Procyclicality of Risk Based Initial Margin Models | Bank of England Research

The Bank of England have published a study into the way IM models work when reacting to stressed market conditions, comparing models such as VaR, Historic Simular VaR and HSVaR with an Exponentially Weighted Moving Average (EWMA) filter.

The Bank of England have published a study into the way IM models work when reacting to stressed market conditions, comparing models such as VaR, Historic Simular VaR and HSVaR with an Exponentially Weighted Moving Average (EWMA) filter. The BoE introduction says:

The initial margin requirements for a portfolio of derivatives are typically calculated using a risk model. Common risk models are procyclical: margin requirements for the same portfolio are higher in times of market stress and lower in calm markets. This procyclicality can cause liquidity stress whereby parties posting margin have to find additional liquid assets, often at just the times when it is most difficult for them to do so. Hence regulation has recognised that, subject to being adequately risk sensitive, margin models should not be ‘overly’ procyclical. There is, however, no standard definition of procyclicality.
 
This paper proposes two types of quantitative measure of procyclicality: one that examines margin variation across the cycle and one that focuses on short-term margin increases. It then studies, using historical and simulated data, various margin models with regard to both their risk sensitivity and the proposed procyclicality measures.
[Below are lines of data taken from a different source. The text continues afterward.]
(* Let $T$ be a right $R$-module which is partial cosilting with respect to an injective copresentation $0\to T\to Q_0\xrightarrow{\zeta}Q_1$. Then there exist a right $R$-module $M$ and an injective copresentation $0\to T\oplus M\to Q_0'\xrightarrow{\zeta'}Q_1'$ such that $T\oplus M$ is cosilting with respect to $\zeta'$ and $\mathcal{B}_\zeta=\mathcal{B}_{\zeta'}$.
   Context: All modules are right modules over a unital associative ring $R$. For $\zeta:Q_0\to Q_1$, $\mathcal{B}_\zeta=\{X \mid \operatorname{Hom}_R(X,\zeta):\operatorname{Hom}_R(X,Q_0)\to\operatorname{Hom}_R(X,Q_1) \text{ is an epimorphism}\}$. $\operatorname{Cogen}(T)$ is the class of modules embeddable in a direct product of copies of $T$. An injective copresentation of $T$ is an exact sequence $0\to T\to Q_0\xrightarrow{\zeta}Q_1$ with $Q_0,Q_1$ injective. $T$ is partial cosilting with respect to $\zeta$ if $0\to T\to Q_0\xrightarrow{\zeta}Q_1$ is an injective copresentation, $T\in\mathcal{B}_\zeta$, and $\mathcal{B}_\zeta$ is closed under direct products; $T$ is cosilting with respect to $\zeta$ if $0\to T\to Q_0\xrightarrow{\zeta}Q_1$ is an injective copresentation and $\operatorname{Cogen}(T)=\mathcal{B}_\zeta$. *)

(* Right R-modules are modelled as left modules over the
   converse ring R^c, i.e. as MathComp [lmodType R^c]. *)
From HB Require Import structures.
From mathcomp Require Import all_boot all_order all_algebra.
Set Implicit Arguments. Unset Strict Implicit. Unset Printing Implicit Defensive.
Import GRing.Theory.
Local Open Scope ring_scope.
It finds that models which pass common risk sensitivity tests can have very different levels of procyclicality.
 
The paper recommends that CCPs and major dealers should disclose the procyclicality properties of their margin models, perhaps by reporting the proposed procyclicality measures. This would help derivatives users to anticipate potential margin calls and ensure they have adequate holdings of or access to liquid assets.
CCPs positively advertise that their IM models will react to a sudden change in market conditions – otherwise they aren't protecting themselves when a crisis occurs. What isn't obvious is how that reaction to current market conditions, contributes back into the market conditions and potentially makes a bad situation worse. The study of this area is exactly the sort of systemic risk that CCPs are intended to mitigate, but yet may also contribute to instead.